Problem requirements - Print the range of lines that opens with the line containing "From mathcomp Require Import all_boot" and closes with the last line of the listing. Include both ends; print nothing more.

Material for this task -
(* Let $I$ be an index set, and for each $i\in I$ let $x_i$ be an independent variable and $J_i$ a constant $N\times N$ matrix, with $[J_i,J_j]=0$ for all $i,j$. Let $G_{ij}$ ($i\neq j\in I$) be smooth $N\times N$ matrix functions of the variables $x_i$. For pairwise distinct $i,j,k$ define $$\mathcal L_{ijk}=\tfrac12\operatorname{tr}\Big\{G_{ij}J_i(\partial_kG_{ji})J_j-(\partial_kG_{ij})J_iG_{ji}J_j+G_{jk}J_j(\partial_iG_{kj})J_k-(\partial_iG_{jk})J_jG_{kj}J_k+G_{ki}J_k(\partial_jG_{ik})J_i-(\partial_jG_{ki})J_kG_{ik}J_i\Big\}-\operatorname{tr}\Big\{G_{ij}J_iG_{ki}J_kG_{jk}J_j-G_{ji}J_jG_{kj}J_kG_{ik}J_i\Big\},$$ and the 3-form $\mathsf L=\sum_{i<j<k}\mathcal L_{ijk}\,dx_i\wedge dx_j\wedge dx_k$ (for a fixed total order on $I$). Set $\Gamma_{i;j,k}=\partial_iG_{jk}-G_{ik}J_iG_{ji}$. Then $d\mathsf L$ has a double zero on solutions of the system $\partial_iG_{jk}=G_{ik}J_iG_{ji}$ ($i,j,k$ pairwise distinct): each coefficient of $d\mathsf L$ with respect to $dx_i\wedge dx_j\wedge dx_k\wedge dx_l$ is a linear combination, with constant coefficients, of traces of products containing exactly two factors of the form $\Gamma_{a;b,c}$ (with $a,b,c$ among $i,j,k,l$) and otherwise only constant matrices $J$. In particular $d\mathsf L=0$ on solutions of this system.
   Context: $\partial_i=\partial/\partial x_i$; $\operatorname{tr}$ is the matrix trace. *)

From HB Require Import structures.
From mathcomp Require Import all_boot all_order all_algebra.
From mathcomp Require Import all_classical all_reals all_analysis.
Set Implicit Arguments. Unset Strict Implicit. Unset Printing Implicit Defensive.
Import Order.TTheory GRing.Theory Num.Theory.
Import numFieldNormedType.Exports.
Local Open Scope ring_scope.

Response box -
From mathcomp Require Import all_boot all_order all_algebra.
From mathcomp Require Import all_classical all_reals all_analysis.
Set Implicit Arguments. Unset Strict Implicit. Unset Printing Implicit Defensive.
Import Order.TTheory GRing.Theory Num.Theory.
Import numFieldNormedType.Exports.
Local Open Scope ring_scope.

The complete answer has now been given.